_PROBLEM STATEMENT_
Repeat the lines below exactly as written, please, from the line with "soon as every" to the line with "subtree of dimension", both lines included, and no others.

(Data records)
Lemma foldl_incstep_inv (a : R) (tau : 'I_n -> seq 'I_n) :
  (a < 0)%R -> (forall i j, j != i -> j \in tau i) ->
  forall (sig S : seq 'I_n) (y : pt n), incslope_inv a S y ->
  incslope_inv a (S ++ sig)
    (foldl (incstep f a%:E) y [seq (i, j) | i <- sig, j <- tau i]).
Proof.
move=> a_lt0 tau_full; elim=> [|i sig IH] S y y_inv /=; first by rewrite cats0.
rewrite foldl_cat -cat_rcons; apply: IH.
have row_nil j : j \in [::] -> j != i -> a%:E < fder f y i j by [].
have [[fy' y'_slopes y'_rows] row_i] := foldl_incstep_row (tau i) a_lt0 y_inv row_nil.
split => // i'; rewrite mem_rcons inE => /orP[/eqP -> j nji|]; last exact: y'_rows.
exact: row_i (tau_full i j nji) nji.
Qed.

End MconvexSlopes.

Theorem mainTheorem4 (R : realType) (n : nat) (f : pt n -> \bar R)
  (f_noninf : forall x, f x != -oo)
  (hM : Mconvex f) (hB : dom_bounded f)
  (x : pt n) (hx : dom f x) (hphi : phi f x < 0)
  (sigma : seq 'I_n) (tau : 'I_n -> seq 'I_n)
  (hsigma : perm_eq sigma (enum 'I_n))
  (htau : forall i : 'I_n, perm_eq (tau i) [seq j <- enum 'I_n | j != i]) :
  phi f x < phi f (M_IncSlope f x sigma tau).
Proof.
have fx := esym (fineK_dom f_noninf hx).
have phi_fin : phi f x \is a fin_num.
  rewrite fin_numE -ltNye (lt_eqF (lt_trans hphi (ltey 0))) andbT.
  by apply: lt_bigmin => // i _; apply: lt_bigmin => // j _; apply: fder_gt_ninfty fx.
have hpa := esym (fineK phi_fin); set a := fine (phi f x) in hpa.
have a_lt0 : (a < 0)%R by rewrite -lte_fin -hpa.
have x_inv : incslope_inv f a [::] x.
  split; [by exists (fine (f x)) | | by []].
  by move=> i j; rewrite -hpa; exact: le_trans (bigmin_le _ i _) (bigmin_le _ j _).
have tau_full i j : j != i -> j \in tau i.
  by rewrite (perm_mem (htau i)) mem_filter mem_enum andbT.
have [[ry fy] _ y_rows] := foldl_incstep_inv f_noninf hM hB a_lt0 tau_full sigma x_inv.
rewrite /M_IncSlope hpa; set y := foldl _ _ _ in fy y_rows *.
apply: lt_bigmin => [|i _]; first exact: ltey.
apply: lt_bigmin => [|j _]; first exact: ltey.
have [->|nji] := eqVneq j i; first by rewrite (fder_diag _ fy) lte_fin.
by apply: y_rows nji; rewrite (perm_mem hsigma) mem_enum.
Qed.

...

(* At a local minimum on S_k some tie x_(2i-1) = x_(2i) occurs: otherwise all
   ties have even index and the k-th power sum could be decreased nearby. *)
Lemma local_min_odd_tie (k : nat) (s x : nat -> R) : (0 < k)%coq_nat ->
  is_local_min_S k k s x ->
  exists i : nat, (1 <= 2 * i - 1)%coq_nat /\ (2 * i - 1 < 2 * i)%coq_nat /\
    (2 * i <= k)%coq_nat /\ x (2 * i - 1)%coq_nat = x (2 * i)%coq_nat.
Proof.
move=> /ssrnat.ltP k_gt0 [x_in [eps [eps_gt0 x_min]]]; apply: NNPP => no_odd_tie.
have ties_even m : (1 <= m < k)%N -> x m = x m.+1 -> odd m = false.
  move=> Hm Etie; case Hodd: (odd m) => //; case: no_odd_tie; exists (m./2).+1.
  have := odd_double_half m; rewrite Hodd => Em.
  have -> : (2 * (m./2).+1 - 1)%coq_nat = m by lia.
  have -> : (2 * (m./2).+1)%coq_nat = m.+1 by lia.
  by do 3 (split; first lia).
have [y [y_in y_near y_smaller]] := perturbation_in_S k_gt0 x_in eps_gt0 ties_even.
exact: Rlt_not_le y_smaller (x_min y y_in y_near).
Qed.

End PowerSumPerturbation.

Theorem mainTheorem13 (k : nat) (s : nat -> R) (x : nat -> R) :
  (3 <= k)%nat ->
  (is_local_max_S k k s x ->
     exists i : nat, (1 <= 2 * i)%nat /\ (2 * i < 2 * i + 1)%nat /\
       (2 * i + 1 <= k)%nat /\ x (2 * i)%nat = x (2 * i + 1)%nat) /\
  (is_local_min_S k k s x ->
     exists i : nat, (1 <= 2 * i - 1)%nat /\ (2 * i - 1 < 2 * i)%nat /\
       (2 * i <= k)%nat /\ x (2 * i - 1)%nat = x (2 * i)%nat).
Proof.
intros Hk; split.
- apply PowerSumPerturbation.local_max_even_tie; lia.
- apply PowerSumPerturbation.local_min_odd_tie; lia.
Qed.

---

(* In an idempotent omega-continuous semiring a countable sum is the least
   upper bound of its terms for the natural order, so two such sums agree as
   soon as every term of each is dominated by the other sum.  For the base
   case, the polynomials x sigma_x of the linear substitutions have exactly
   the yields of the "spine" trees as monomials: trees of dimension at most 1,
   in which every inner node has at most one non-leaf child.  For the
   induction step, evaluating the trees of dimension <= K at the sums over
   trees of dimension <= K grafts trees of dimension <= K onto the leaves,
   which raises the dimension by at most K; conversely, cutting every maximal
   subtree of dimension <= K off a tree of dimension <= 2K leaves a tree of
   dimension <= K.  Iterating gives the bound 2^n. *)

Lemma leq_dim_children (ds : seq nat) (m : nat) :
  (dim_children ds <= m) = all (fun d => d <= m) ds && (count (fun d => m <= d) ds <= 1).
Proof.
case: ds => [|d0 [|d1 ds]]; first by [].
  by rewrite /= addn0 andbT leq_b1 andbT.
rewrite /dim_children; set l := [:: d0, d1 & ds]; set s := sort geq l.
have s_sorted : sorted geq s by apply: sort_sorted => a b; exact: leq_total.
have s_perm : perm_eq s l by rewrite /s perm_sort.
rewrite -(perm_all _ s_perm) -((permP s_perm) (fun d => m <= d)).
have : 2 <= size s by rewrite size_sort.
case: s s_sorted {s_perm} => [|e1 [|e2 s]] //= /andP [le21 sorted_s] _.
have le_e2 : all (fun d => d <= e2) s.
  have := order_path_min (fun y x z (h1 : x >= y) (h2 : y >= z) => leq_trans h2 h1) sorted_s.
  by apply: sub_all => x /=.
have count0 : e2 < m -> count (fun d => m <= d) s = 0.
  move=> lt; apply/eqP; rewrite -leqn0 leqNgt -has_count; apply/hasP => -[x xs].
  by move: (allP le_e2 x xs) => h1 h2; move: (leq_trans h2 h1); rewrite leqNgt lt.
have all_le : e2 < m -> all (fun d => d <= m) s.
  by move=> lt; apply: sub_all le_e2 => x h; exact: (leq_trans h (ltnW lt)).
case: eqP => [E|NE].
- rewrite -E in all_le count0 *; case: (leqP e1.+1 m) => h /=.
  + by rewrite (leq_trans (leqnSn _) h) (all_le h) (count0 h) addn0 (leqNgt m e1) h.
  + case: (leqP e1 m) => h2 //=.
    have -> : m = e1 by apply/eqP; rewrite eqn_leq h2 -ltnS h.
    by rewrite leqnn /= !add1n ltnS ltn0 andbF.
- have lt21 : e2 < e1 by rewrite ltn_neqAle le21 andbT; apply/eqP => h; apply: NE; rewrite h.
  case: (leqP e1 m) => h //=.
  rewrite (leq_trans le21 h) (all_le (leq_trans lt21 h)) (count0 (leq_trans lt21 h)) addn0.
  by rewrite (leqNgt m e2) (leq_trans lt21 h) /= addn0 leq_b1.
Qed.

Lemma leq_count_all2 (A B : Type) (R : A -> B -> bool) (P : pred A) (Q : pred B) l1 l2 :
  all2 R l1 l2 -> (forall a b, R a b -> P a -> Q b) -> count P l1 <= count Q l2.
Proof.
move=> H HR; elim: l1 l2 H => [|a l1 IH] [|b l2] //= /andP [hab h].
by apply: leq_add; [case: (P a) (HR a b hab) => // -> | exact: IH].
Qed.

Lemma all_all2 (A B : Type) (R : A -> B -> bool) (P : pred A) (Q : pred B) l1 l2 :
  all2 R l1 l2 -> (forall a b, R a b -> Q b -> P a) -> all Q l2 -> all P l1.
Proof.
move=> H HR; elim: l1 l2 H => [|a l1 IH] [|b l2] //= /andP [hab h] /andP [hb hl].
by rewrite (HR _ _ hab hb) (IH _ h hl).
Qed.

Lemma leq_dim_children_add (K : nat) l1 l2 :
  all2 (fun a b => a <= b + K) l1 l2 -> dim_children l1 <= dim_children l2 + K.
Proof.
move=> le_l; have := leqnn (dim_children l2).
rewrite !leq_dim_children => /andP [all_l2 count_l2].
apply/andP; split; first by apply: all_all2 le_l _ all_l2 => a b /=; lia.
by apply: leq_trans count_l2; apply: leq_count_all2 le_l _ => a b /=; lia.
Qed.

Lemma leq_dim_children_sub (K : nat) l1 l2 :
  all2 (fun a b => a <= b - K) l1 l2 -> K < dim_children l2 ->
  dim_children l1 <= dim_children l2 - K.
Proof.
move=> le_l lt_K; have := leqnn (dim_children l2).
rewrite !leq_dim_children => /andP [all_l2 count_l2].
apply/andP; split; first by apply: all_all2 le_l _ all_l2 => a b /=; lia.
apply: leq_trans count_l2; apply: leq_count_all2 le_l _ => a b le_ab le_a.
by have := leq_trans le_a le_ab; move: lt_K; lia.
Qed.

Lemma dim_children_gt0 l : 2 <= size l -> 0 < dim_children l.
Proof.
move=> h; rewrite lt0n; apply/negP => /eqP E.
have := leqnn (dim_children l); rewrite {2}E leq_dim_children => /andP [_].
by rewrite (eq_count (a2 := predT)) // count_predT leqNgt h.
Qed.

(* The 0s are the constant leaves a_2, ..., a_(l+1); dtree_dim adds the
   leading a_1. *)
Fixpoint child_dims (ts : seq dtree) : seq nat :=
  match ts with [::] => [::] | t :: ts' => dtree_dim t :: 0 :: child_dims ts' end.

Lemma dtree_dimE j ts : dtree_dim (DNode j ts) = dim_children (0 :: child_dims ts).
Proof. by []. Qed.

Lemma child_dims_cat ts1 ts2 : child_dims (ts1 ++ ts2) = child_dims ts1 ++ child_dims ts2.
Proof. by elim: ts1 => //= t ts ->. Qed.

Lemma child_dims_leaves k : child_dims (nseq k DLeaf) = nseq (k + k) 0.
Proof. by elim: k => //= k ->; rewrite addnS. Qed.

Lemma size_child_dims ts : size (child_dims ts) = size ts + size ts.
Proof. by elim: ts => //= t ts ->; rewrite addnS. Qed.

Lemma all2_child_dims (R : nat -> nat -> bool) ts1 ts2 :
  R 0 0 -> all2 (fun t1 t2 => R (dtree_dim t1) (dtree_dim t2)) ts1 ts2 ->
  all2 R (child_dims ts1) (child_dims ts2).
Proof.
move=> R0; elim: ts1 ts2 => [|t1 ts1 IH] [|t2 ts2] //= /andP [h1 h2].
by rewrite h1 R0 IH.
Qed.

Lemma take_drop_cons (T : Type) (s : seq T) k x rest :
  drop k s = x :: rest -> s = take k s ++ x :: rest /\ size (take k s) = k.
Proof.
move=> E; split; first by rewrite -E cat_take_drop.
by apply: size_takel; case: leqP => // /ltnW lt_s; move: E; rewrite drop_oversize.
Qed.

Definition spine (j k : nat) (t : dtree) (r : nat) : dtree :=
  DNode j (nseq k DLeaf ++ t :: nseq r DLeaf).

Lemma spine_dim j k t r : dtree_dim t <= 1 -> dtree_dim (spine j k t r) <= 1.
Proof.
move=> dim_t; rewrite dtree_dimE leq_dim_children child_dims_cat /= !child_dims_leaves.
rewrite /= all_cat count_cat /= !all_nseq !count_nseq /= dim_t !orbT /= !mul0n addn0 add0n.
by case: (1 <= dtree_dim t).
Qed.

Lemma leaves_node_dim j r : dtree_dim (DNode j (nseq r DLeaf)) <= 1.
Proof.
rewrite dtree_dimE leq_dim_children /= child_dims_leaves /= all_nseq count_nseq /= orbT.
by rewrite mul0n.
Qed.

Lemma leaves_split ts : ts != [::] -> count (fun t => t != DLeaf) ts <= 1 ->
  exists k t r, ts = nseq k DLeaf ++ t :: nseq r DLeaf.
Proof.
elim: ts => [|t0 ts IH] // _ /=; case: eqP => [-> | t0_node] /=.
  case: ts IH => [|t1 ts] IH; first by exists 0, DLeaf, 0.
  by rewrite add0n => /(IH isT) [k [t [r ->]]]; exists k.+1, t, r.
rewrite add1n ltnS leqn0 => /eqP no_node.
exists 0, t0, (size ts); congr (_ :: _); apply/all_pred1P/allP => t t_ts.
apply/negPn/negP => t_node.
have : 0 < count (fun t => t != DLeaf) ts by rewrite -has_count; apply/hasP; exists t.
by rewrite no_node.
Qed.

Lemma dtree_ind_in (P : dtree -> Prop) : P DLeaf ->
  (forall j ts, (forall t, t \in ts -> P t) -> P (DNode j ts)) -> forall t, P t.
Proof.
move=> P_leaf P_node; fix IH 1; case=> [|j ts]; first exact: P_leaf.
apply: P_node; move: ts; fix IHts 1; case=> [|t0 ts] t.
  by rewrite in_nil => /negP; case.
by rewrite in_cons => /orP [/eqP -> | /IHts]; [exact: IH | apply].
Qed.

_SOLUTION TO THE EXERCISE_
   soon as every term of each is dominated by the other sum.  For the base
   case, the polynomials x sigma_x of the linear substitutions have exactly
   the yields of the "spine" trees as monomials: trees of dimension at most 1,
   in which every inner node has at most one non-leaf child.  For the
   induction step, evaluating the trees of dimension <= K at the sums over
   trees of dimension <= K grafts trees of dimension <= K onto the leaves,
   which raises the dimension by at most K; conversely, cutting every maximal
   subtree of dimension <= K off a tree of dimension <= 2K leaves a tree of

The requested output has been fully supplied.